In the embodiment shown in FIG. 3, the thermal fuse 3 is an axial type, one lead conductor 3a of the thermal fuse is joined to one cap-like electrode 22a of one resistor 22, and the other lead conductor of the thermal fuse. 3b is folded and joined to the other resistor 21 end cap-like electrode 21a on the same side as the one cap-like electrode 22a, and the leg conductor C is joined to the cap-like electrode 21a. The length of the heat conduction path from the soldering point to the fuse element of the thermal fuse body 30 can be increased, and the fuse element can be well guarded against soldering heat.
As described above, the lead conductor 3b of the thermal fuse 30 is welded to the end face of the cap-shaped electrode 21a of the first resistor 21, and the leg conductor C is side-welded. Accordingly, the fulcrums by the leg conductors A, B, and C are the three points of the triangle ABC in FIG. 3A, and stable support can be guaranteed.
Further, a part of the heat generated by the first resistor 21 leaks from the leg conductor C to the substrate side, but the temperature fuse body 30 is sandwiched between the first resistor 21 and the second resistor 22 so that both sides Therefore, the thermal fuse body 30 can be quickly heated with the heat generated by the resistors 21 and 22 by sufficiently compensating for the heat leakage. Accordingly, it is possible to guarantee a good speed of operation.

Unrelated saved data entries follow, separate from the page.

Lemma injects_total X Y : injects X Y \/ injects Y X.
Proof.
  destruct (zorn_subsets (X * Y) partial_injection) as [M [[Mfun Minj] Mmax]].
  { exact partial_injection_union. }
  destruct (classic (forall x, exists y, M (x, y))) as [hX|hX].
  { left. apply injects_of_rel with (fun x y => M (x, y)); [exact hX|].
    intros x x' y; apply Minj. }
  destruct (classic (forall y, exists x, M (x, y))) as [hY|hY].
  { right. apply injects_of_rel with (fun y x => M (x, y)); [exact hY|].
    intros y y' x; apply Mfun. }
  exfalso.
  destruct (not_all_ex_not _ _ hX) as [x0 hx0]. destruct (not_all_ex_not _ _ hY) as [y0 hy0].
  assert (hext : partial_injection (fun t => M t \/ t = (x0, y0))).
  { split.
    - intros a b b' [h|e] [h'|e'].
      + exact (Mfun a b b' h h').
      + injection e' as -> ->. exfalso; apply hx0; eauto.
      + injection e as -> ->. exfalso; apply hx0; eauto.
      + congruence.
    - intros a a' b [h|e] [h'|e'].
      + exact (Minj a a' b h h').
      + injection e' as -> ->. exfalso; apply hy0; eauto.
      + injection e as -> ->. exfalso; apply hy0; eauto.
      + congruence. }
  apply hx0. exists y0. apply (Mmax _ hext (fun t ht => or_introl ht)). right; reflexivity.
Qed.

Section Doubling.
Variable X : Type.

Definition untag (p : X + X) : X := match p with inl x | inr x => x end.

Definition doubled (R : (X + X) * X -> Prop) (x : X) : Prop := exists y, R (inl x, y).

(* [R] is an injection of [S + S] into [S], where [S] is the set of [doubled R] points. *)
Definition doubling (R : (X + X) * X -> Prop) : Prop :=
  partial_injection R /\
  (forall x, (exists y, R (inr x, y)) <-> doubled R x) /\
  (forall p y, R (p, y) -> doubled R y).

Lemma doubling_source R p y : doubling R -> R (p, y) -> doubled R (untag p).
Proof. intros [_ [hdom _]] h. destruct p as [x|x]; [exists y; exact h | apply hdom; eauto]. Qed.

Lemma doubling_bigcup F :
  (forall R, F R -> doubling R) -> classical_sets.total_on F classical_sets.subset ->
  doubling (classical_sets.bigcup F (fun R => R)).
Proof.
  intros hFP hF. split; [|split].
  - apply partial_injection_union; [intros R hR; exact (proj1 (hFP R hR)) | exact hF].
  - intro x. split.
    + intros [y [R hR h]]. destruct (hFP R hR) as [_ [hdom _]].
      destruct (proj1 (hdom x) (ex_intro _ y h)) as [y' h']. exists y', R; assumption.
    + intros [y [R hR h]]. destruct (hFP R hR) as [_ [hdom _]].
      destruct (proj2 (hdom x) (ex_intro _ y h)) as [y' h']. exists y', R; assumption.
  - intros p y [R hR h]. destruct (hFP R hR) as [_ [_ hrng]].
    destruct (hrng p y h) as [y' h']. exists y', R; assumption.
Qed.

Lemma doubling_disjoint_union R1 R2 :
  doubling R1 -> doubling R2 -> (forall x, doubled R1 x -> doubled R2 x -> False) ->
  doubling (fun t => R1 t \/ R2 t).
Proof.
  intros h1 h2 hdisj.
  pose proof h1 as [[fun1 inj1] [dom1 rng1]]. pose proof h2 as [[fun2 inj2] [dom2 rng2]].
  split; [split|split].
  - intros p y y' [r|r] [r'|r'].
    + exact (fun1 _ _ _ r r').
    + exfalso. exact (hdisj _ (doubling_source _ _ _ h1 r) (doubling_source _ _ _ h2 r')).
    + exfalso. exact (hdisj _ (doubling_source _ _ _ h1 r') (doubling_source _ _ _ h2 r)).
    + exact (fun2 _ _ _ r r').
  - intros p p' y [r|r] [r'|r'].
    + exact (inj1 _ _ _ r r').
    + exfalso. exact (hdisj _ (rng1 _ _ r) (rng2 _ _ r')).
    + exfalso. exact (hdisj _ (rng1 _ _ r') (rng2 _ _ r)).
    + exact (inj2 _ _ _ r r').
  - intro x. split.
    + intros [y [r|r]]; [destruct (proj1 (dom1 x) (ex_intro _ y r)) as [y' r'] |
                         destruct (proj1 (dom2 x) (ex_intro _ y r)) as [y' r']]; exists y'; auto.
    + intros [y [r|r]]; [destruct (proj2 (dom1 x) (ex_intro _ y r)) as [y' r'] |
                         destruct (proj2 (dom2 x) (ex_intro _ y r)) as [y' r']]; exists y'; auto.
  - intros p y [r|r]; [destruct (rng1 p y r) as [y' r'] | destruct (rng2 p y r) as [y' r']];
      exists y'; auto.
Qed.

Definition sequence_doubling (k : nat -> X) (t : (X + X) * X) : Prop :=
  exists n, t = (inl (k n), k (2 * n)) \/ t = (inr (k n), k (2 * n + 1)).

Lemma doubled_sequence k x : doubled (sequence_doubling k) x <-> exists n, x = k n.
Proof.
  split.
  - intros [y [n [e|e]]]; inversion e; eauto.
  - intros [n ->]. exists (k (2 * n)), n. left; reflexivity.
Qed.

Lemma doubling_sequence k : Injective k -> doubling (sequence_doubling k).
Proof.
  intro hk. split; [split|split].
  - intros p y y' [n [e|e]] [m [e'|e']]; inversion e; inversion e'; subst; try discriminate;
      match goal with h : _ = _ |- _ => injection h as h; apply hk in h; subst; reflexivity end.
  - intros p p' y [n [e|e]] [m [e'|e']]; inversion e; inversion e'; subst;
      match goal with h : k _ = k _ |- _ => apply hk in h end; try lia;
      replace m with n by lia; reflexivity.
  - intro x. rewrite doubled_sequence. split.
    + intros [y [n [e|e]]]; inversion e; eauto.
    + intros [n ->]. exists (k (2 * n + 1)), n. right; reflexivity.
  - intros p y [n [e|e]]; inversion e; apply doubled_sequence; eauto.
Qed.

Lemma maximal_doubling_cofinite M :
  doubling M -> (forall R, doubling R -> (forall t, M t -> R t) -> forall t, R t -> M t) ->
  Finite {x | ~ doubled M x}.
Proof.
  intros hM hmax. apply NNPP. intro hinf.
  destruct (nat_injects_infinite _ hinf) as [k hk].
  set (k' n := proj1_sig (k n)).
  assert (hk' : Injective k') by (intros a b e; apply hk, proj1_sig_inj, e).
  assert (hext : doubling (fun t => M t \/ sequence_doubling k' t)).
  { apply doubling_disjoint_union; [exact hM | apply doubling_sequence, hk' |].
    intros x hx hseq. apply doubled_sequence in hseq. destruct hseq as [n ->].
    exact (proj2_sig (k n) hx). }
  apply (proj2_sig (k 0)). exists (k' 0).
  apply (hmax _ hext (fun t ht => or_introl ht)). right. exists 0. left; reflexivity.
Qed.

Lemma doubling_injects R :
  doubling R -> injects ({x | doubled R x} + {x | doubled R x}) {x | doubled R x}.
Proof.
  intros [[Rfun Rinj] [Rdom Rrng]].
  apply injects_of_rel with
    (fun p s => R (match p with inl a => inl (proj1_sig a) | inr a => inr (proj1_sig a) end,
                   proj1_sig s)).
  - intros [[x hx]|[x hx]]; simpl.
    + destruct hx as [y h]. exists (exist _ y (Rrng _ _ h)). exact h.
    + destruct (proj2 (Rdom x) hx) as [y h]. exists (exist _ y (Rrng _ _ h)). exact h.
  - intros [a|a] [b|b] s h h'; pose proof (Rinj _ _ _ h h') as e; try discriminate;
      injection e as e; f_equal; apply proj1_sig_inj, e.
Qed.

In the embodiment shown in FIG. 3, the leg conductor C may be welded to the end face of the cap-like electrode 22 a of the second resistor 22. In this case, four-point support is provided, and a more stable support can be achieved.
In the embodiment shown in FIG. 3, the lead conductor 3b of the thermal fuse 30 and the leg conductor C (in the case of four-point support, the lead conductor 3a of the thermal fuse 30 and the leg conductor C (not shown)) are made continuous. You can also.
In the embodiment shown in FIG. 3, the leg conductors A, B, and C are welded to the end faces of the cap-like electrodes 21a, 22b, and 21b of the resistor by side contact, but a metal straight line is connected to each cap-like electrode 21a, The leg conductors A, B, and C may be provided by welding perpendicularly to the end faces of 22b and 21b and bending the vicinity of the root at a right angle.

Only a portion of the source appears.